# WORK TO COMPLETE
Your answer should be the lines below from the one holding "Lemma iter_tg_int_chernoff (lam" through the one holding "rewrite big_ord0 mulr0", copied exactly and with nothing else.

[Start of section]

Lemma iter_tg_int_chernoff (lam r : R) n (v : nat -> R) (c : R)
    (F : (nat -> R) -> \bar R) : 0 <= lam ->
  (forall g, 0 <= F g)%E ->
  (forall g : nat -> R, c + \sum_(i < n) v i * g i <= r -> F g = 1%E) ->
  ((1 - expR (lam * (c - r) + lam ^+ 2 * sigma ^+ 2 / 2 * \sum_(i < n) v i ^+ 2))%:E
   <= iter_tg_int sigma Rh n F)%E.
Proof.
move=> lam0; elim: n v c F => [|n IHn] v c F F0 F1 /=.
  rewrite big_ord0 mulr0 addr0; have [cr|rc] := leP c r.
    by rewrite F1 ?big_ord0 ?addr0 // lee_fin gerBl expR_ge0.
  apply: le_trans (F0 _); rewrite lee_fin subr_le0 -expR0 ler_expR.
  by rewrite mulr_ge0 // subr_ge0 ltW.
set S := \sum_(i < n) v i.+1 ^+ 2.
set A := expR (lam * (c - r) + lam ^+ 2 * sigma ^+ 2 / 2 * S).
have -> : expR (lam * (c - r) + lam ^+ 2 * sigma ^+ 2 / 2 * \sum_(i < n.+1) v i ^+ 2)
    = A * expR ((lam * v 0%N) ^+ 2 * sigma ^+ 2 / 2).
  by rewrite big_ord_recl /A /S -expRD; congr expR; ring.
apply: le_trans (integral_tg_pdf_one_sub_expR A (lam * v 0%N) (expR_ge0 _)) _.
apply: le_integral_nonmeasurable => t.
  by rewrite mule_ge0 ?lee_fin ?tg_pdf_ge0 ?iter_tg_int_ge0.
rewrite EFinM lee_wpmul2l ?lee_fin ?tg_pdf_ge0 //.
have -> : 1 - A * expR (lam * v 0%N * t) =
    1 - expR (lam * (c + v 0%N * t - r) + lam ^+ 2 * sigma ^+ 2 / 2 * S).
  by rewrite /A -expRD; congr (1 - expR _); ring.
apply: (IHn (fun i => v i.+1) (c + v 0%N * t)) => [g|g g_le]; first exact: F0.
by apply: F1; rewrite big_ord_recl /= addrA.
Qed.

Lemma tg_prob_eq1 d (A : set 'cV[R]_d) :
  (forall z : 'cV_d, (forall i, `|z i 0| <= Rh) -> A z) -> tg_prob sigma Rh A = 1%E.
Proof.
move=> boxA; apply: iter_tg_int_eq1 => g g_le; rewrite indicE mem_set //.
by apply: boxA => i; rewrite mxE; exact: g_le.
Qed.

[End of section]
[Start of section]

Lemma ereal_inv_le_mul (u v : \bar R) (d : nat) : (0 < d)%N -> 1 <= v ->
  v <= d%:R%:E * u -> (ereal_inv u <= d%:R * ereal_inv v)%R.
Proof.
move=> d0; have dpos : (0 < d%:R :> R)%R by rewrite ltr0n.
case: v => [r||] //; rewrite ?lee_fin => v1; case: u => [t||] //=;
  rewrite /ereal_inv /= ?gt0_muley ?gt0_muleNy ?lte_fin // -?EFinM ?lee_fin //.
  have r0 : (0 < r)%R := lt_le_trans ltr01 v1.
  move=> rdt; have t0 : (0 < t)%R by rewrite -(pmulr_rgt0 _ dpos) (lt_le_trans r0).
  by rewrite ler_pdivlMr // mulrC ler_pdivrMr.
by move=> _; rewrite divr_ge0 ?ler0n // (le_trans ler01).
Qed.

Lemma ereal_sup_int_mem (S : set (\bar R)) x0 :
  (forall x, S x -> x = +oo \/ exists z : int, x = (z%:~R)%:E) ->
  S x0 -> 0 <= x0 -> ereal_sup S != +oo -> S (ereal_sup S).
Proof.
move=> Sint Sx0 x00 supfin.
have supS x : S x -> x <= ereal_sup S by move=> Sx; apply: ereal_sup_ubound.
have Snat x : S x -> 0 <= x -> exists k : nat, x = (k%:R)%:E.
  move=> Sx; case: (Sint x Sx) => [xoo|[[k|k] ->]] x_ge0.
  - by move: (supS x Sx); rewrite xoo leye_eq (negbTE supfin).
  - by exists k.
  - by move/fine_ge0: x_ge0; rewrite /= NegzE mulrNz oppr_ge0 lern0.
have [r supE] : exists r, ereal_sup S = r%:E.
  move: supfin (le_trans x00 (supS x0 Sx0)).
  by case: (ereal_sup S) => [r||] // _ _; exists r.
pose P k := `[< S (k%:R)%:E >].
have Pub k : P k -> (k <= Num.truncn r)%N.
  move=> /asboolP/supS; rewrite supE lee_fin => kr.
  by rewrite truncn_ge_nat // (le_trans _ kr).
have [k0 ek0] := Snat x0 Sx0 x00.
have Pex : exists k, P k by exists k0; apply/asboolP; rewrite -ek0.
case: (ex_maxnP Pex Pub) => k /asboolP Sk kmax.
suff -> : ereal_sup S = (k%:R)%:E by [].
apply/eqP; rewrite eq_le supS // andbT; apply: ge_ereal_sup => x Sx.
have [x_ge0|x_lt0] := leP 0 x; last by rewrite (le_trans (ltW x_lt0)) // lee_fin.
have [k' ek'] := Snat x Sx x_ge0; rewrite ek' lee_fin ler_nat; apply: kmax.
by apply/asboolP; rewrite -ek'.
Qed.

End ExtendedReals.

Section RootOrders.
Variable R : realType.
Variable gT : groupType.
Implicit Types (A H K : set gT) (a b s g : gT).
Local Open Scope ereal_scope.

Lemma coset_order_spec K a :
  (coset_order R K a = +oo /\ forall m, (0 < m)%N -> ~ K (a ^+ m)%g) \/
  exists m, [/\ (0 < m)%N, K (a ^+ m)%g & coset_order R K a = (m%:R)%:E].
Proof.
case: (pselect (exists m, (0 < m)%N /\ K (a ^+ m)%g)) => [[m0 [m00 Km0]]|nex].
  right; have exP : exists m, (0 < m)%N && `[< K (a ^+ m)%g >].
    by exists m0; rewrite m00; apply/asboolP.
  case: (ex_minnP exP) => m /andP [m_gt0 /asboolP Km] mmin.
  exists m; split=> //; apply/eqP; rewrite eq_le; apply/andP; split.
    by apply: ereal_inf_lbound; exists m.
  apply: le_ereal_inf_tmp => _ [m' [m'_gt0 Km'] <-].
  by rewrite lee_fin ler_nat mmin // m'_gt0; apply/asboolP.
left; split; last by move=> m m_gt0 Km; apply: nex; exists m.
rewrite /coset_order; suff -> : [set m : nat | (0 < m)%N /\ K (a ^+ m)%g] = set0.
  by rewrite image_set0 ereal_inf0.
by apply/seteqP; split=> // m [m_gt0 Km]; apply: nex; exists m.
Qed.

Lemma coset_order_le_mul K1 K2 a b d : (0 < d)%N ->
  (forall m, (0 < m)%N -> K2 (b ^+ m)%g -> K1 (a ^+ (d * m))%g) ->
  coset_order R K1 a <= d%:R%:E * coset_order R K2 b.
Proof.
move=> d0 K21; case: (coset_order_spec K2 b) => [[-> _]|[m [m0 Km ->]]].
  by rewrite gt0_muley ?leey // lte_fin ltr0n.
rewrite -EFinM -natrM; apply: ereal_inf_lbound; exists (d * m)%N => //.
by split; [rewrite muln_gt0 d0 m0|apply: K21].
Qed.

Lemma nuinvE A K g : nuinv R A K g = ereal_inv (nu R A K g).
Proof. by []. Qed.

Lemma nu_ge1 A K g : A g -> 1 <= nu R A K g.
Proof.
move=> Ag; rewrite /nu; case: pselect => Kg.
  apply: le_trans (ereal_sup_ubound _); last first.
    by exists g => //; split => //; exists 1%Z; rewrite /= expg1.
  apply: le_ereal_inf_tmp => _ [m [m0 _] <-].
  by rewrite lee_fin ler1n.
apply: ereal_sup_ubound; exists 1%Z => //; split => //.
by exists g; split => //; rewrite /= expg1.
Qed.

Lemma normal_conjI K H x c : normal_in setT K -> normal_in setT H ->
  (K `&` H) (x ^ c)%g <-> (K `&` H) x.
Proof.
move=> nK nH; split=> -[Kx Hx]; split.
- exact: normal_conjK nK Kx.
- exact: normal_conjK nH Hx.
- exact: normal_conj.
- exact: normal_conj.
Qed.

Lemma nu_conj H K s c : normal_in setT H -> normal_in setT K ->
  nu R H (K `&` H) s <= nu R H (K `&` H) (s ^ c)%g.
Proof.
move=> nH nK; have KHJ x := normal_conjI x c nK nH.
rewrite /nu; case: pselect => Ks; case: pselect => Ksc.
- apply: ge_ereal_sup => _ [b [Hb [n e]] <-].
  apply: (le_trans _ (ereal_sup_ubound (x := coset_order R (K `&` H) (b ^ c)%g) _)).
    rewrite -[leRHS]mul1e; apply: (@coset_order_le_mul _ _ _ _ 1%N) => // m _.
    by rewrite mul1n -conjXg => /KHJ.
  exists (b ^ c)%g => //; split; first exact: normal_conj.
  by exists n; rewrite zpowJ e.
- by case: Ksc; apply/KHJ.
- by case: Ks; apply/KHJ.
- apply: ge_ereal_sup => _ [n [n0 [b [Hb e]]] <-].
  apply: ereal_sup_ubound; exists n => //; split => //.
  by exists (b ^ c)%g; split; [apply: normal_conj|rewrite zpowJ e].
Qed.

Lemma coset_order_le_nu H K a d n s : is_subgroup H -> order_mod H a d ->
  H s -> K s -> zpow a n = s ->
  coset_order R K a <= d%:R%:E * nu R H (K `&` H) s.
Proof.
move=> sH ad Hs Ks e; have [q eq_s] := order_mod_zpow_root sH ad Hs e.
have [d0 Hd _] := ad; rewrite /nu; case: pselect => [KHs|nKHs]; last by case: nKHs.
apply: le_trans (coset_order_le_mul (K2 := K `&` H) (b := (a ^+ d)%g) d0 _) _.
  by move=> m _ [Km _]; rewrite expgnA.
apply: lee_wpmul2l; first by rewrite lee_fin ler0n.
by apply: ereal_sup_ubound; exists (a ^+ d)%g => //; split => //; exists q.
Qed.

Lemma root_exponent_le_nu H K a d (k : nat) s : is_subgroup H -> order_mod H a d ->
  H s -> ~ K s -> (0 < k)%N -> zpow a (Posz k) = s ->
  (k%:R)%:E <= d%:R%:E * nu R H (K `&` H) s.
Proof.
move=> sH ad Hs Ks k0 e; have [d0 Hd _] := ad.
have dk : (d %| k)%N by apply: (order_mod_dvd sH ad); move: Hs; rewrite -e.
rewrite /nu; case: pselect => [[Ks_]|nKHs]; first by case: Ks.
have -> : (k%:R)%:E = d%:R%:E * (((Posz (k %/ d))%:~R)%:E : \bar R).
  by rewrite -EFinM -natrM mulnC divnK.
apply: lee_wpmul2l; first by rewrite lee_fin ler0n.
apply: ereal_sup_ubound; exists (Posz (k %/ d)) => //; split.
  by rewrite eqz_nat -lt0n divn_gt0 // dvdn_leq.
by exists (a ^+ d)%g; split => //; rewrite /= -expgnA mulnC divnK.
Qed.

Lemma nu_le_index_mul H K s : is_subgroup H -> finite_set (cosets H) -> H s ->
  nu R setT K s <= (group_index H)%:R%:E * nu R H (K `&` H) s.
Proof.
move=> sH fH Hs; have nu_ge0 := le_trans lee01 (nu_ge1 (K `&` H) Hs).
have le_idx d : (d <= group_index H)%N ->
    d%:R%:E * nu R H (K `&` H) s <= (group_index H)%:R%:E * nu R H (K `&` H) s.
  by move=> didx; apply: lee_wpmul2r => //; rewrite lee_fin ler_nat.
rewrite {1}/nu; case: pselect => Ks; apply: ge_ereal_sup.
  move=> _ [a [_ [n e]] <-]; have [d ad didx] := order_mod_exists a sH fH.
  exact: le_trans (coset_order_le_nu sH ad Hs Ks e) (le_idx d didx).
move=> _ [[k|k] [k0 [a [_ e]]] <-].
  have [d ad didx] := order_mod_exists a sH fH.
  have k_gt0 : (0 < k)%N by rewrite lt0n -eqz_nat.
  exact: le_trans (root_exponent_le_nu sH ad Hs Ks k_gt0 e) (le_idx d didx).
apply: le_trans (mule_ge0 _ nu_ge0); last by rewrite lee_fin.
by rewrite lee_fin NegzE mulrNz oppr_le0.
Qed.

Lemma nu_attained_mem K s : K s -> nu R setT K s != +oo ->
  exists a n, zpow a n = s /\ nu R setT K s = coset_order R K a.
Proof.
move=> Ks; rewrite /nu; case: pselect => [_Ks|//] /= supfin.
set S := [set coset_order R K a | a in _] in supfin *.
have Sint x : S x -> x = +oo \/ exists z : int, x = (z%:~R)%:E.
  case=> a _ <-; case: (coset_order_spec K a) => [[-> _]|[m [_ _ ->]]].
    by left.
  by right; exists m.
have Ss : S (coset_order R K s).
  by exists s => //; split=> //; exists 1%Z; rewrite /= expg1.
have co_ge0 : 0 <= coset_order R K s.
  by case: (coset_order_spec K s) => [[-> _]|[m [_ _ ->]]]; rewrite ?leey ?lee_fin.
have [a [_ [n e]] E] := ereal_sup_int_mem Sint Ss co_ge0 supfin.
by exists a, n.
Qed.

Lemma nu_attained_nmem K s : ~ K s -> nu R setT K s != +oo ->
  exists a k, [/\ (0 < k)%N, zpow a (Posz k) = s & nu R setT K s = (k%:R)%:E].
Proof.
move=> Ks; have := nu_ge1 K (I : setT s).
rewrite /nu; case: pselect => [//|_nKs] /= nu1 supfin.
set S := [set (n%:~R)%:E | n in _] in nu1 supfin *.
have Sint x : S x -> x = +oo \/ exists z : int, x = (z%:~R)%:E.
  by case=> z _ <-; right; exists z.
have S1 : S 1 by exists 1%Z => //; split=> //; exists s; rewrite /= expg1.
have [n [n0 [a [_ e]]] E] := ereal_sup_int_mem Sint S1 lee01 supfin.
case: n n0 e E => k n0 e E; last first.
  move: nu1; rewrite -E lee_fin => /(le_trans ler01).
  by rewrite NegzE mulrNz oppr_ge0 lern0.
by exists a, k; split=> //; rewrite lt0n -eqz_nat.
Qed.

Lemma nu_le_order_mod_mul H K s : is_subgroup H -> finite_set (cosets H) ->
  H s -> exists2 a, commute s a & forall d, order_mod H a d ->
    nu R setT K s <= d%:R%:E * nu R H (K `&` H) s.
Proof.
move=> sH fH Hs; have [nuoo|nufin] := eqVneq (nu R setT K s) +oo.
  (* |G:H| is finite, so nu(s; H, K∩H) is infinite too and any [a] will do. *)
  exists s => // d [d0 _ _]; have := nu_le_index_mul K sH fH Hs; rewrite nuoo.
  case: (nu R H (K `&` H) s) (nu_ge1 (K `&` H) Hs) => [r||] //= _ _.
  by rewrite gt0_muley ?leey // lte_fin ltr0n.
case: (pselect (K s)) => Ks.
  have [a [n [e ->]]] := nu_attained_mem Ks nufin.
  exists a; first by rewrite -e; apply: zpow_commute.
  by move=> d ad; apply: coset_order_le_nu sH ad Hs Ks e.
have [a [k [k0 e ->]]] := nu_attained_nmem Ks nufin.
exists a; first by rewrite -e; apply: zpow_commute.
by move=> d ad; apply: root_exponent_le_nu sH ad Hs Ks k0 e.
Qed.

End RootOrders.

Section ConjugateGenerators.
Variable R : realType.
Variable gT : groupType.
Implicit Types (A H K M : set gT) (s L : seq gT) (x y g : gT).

[End of section]
[Start of section]

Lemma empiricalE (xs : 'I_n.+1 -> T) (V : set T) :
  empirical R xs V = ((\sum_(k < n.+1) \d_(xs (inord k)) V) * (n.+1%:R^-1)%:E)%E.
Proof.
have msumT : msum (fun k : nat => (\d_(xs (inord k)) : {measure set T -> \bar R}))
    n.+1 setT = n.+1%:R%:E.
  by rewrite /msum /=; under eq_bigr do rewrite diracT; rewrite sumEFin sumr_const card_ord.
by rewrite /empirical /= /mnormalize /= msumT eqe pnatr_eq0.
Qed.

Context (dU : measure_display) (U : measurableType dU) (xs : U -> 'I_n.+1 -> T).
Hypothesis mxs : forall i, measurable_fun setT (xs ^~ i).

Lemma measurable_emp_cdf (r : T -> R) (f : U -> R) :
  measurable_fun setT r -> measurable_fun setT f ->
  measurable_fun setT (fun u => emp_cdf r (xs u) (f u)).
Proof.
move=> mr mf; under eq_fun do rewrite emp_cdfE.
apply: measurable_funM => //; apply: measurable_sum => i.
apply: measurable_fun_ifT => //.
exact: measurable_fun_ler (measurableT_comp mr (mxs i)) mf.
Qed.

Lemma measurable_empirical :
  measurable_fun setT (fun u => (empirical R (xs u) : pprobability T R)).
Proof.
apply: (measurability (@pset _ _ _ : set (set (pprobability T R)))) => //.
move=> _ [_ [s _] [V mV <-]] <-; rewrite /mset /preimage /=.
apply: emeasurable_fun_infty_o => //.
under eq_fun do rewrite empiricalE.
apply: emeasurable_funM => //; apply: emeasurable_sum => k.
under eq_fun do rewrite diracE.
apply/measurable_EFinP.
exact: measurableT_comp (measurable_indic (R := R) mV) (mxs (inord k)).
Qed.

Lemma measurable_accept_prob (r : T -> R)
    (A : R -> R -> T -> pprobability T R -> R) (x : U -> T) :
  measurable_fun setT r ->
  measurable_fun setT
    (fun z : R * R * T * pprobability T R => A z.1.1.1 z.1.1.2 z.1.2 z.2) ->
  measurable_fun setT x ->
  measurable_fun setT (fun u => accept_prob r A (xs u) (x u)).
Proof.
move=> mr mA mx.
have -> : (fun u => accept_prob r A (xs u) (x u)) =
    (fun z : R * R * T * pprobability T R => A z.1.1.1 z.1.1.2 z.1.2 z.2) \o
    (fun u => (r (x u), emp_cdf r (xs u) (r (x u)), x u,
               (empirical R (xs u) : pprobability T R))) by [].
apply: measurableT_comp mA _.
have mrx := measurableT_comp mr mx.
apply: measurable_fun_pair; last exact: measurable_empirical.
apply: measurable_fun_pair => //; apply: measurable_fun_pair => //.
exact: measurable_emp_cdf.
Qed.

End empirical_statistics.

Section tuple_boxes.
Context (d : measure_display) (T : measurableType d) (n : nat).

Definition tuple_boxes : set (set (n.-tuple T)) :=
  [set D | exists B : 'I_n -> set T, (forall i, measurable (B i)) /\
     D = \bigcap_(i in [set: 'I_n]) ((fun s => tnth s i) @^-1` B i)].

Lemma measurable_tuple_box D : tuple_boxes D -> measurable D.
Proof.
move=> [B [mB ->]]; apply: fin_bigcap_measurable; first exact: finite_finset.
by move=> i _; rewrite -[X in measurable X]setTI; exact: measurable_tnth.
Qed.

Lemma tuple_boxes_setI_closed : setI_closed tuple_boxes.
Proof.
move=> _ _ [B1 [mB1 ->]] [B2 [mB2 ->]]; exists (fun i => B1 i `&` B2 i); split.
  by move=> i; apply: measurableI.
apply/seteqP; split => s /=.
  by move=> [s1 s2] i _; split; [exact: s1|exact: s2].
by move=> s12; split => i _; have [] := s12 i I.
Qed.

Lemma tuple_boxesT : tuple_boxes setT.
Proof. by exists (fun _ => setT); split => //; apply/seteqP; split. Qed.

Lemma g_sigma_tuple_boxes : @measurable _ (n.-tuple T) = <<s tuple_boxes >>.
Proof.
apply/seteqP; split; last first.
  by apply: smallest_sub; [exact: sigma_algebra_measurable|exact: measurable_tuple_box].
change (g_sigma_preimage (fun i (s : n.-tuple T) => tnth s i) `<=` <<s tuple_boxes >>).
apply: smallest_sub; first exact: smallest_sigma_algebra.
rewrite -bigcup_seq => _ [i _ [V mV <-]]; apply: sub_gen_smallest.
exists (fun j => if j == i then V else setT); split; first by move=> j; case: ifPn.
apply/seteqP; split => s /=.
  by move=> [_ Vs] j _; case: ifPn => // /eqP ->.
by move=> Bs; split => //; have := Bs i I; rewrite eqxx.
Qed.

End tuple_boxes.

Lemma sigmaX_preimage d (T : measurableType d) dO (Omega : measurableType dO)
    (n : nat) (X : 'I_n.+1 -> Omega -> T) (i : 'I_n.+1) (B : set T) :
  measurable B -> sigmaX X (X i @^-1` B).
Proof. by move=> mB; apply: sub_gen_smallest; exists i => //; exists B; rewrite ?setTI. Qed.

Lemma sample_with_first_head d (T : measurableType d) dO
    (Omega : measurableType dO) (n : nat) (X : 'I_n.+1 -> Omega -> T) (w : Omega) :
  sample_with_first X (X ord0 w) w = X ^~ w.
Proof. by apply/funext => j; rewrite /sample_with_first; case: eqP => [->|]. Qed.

[End of section]

# FINISHED EXERCISE
Lemma iter_tg_int_chernoff (lam r : R) n (v : nat -> R) (c : R)
    (F : (nat -> R) -> \bar R) : 0 <= lam ->
  (forall g, 0 <= F g)%E ->
  (forall g : nat -> R, c + \sum_(i < n) v i * g i <= r -> F g = 1%E) ->
  ((1 - expR (lam * (c - r) + lam ^+ 2 * sigma ^+ 2 / 2 * \sum_(i < n) v i ^+ 2))%:E
   <= iter_tg_int sigma Rh n F)%E.
Proof.
move=> lam0; elim: n v c F => [|n IHn] v c F F0 F1 /=.
  rewrite big_ord0 mulr0 addr0; have [cr|rc] := leP c r.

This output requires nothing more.